Exercise: Only a number is wanted here: the number of lines of the data that include "pickP".
---- Data
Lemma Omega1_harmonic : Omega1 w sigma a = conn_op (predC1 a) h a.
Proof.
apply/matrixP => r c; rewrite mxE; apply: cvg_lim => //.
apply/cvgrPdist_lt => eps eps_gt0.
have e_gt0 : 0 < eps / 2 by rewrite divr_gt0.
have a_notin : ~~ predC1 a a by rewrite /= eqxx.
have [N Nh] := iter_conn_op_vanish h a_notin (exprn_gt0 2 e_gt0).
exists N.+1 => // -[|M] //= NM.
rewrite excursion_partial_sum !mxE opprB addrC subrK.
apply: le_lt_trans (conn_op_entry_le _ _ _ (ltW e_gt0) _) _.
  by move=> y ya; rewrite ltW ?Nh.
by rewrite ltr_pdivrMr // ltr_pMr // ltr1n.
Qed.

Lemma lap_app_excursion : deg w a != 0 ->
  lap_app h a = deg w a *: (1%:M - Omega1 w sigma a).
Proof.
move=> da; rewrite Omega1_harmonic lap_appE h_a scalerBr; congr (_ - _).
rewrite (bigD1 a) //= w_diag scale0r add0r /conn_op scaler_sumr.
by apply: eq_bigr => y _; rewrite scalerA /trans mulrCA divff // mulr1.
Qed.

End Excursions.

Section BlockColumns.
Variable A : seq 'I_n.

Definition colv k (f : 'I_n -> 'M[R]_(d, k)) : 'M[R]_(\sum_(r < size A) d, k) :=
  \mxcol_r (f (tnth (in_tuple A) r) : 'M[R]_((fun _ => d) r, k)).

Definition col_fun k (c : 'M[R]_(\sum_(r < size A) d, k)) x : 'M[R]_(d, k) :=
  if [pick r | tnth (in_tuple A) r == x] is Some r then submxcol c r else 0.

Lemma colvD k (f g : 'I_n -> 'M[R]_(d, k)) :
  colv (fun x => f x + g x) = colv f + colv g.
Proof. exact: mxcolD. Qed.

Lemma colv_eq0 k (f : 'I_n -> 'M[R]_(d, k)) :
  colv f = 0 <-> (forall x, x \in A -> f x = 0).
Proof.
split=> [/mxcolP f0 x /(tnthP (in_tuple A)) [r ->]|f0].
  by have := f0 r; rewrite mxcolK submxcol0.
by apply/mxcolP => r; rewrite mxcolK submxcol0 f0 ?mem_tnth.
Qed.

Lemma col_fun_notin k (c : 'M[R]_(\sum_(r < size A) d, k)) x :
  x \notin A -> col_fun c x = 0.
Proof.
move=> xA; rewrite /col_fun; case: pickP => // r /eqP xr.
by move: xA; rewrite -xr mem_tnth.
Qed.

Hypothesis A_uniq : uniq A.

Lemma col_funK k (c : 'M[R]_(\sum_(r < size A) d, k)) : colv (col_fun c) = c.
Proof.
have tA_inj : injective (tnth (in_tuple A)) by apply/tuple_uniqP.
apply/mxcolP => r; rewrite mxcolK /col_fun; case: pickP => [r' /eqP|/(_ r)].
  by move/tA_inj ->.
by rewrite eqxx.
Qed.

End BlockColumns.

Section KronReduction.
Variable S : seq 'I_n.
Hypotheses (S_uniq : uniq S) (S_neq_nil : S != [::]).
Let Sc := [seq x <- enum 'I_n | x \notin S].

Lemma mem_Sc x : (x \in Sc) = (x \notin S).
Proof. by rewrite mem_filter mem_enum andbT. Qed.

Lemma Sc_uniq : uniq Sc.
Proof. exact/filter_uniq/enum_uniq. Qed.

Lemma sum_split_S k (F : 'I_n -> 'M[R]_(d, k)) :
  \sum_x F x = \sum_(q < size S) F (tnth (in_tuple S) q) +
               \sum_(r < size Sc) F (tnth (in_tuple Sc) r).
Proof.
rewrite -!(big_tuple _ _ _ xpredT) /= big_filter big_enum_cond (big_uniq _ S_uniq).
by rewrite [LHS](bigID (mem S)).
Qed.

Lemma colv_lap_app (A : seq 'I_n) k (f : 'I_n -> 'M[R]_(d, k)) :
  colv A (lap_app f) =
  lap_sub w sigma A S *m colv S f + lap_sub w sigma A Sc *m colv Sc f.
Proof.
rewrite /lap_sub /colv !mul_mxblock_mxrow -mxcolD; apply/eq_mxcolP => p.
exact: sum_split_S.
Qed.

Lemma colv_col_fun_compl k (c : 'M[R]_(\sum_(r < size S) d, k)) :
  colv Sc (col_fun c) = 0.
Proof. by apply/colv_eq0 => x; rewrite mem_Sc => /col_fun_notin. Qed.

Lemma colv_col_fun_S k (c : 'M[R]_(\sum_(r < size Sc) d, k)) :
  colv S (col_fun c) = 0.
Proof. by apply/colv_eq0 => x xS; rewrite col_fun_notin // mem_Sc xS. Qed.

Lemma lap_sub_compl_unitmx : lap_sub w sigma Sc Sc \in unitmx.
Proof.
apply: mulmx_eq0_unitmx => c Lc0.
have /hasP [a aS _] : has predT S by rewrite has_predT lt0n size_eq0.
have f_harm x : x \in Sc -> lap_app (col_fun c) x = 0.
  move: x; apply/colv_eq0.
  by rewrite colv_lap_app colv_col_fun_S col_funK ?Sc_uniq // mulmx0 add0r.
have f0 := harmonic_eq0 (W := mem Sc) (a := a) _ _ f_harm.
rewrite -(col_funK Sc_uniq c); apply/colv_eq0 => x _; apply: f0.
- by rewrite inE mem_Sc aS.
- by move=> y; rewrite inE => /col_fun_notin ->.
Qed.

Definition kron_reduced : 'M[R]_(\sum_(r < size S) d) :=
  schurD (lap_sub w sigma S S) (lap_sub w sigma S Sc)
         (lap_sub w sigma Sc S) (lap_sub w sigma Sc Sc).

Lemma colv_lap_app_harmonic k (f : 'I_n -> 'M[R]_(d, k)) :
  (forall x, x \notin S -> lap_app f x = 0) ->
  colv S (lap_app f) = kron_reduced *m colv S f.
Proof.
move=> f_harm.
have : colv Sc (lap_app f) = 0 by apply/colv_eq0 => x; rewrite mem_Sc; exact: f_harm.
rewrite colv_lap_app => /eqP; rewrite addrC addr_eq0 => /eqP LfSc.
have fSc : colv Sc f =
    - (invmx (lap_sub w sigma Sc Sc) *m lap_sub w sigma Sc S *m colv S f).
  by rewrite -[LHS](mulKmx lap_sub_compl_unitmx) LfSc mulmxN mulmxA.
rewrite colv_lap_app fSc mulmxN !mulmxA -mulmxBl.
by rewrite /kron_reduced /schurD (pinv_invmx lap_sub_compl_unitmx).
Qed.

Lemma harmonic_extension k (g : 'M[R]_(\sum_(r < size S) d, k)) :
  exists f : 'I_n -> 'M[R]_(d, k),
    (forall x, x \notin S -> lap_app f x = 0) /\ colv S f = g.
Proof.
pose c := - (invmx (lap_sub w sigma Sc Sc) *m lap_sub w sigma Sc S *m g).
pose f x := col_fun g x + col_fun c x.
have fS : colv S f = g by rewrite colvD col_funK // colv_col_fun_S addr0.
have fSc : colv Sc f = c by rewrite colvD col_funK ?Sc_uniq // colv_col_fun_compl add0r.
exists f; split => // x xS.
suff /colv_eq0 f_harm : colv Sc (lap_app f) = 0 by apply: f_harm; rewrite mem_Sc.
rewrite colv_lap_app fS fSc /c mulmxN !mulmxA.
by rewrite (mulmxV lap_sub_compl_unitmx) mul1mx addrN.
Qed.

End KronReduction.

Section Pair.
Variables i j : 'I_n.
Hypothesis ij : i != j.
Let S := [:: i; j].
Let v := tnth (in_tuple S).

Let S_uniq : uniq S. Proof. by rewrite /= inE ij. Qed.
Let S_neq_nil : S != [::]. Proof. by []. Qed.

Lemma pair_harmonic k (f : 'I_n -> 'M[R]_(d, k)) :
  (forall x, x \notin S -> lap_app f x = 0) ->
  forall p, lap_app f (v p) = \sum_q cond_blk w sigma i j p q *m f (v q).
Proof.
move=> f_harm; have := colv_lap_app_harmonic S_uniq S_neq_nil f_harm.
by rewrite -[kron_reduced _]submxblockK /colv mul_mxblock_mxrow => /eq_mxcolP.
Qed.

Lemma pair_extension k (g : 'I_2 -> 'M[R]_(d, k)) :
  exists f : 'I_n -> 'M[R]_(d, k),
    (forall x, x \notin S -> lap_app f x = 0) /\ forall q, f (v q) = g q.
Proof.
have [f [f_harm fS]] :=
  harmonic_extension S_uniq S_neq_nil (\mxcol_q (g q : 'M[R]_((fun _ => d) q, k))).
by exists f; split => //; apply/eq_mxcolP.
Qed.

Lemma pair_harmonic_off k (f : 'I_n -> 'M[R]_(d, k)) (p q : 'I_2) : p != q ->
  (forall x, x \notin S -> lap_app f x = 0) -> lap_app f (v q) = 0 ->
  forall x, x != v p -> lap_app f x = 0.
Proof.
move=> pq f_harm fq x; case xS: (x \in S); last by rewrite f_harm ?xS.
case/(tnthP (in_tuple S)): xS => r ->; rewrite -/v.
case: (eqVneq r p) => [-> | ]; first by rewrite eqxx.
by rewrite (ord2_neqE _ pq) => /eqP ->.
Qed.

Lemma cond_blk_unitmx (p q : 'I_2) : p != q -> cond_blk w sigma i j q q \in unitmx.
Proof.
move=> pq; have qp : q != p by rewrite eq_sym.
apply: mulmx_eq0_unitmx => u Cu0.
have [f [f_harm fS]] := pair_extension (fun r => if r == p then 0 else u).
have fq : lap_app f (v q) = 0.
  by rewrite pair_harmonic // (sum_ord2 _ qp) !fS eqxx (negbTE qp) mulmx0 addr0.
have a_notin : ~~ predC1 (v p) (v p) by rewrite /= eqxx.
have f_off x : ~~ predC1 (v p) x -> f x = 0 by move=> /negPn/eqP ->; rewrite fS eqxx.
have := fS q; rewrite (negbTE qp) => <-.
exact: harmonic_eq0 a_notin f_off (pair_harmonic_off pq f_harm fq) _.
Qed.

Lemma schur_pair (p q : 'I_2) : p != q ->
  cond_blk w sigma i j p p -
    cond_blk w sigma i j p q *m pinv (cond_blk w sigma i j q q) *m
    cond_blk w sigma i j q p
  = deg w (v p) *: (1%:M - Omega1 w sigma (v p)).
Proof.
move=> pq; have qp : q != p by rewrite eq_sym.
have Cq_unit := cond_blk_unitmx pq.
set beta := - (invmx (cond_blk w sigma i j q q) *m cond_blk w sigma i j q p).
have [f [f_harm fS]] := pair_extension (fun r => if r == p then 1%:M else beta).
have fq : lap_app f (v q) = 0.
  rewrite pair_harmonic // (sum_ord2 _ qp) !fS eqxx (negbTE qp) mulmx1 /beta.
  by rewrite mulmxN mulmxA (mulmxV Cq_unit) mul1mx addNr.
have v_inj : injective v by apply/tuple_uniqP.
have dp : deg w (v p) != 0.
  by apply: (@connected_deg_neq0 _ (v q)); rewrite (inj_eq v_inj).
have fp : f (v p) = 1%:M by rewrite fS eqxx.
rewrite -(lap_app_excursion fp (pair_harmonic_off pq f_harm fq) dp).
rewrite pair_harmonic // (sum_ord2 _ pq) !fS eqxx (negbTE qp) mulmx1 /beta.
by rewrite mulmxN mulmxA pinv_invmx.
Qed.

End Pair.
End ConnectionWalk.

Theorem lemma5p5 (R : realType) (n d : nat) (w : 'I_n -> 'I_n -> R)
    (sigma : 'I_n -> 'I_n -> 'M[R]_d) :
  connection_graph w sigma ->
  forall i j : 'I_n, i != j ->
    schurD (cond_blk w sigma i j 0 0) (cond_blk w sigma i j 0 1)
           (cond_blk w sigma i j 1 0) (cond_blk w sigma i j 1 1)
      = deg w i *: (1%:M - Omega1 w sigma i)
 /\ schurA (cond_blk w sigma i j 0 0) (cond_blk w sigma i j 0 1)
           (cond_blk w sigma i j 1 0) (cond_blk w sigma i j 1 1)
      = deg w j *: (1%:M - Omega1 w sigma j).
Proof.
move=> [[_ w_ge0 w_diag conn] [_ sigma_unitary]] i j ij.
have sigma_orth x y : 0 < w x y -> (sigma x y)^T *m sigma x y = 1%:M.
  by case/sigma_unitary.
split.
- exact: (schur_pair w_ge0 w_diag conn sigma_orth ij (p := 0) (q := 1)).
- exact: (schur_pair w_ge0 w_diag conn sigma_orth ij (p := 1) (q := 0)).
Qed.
--------
Your response: 2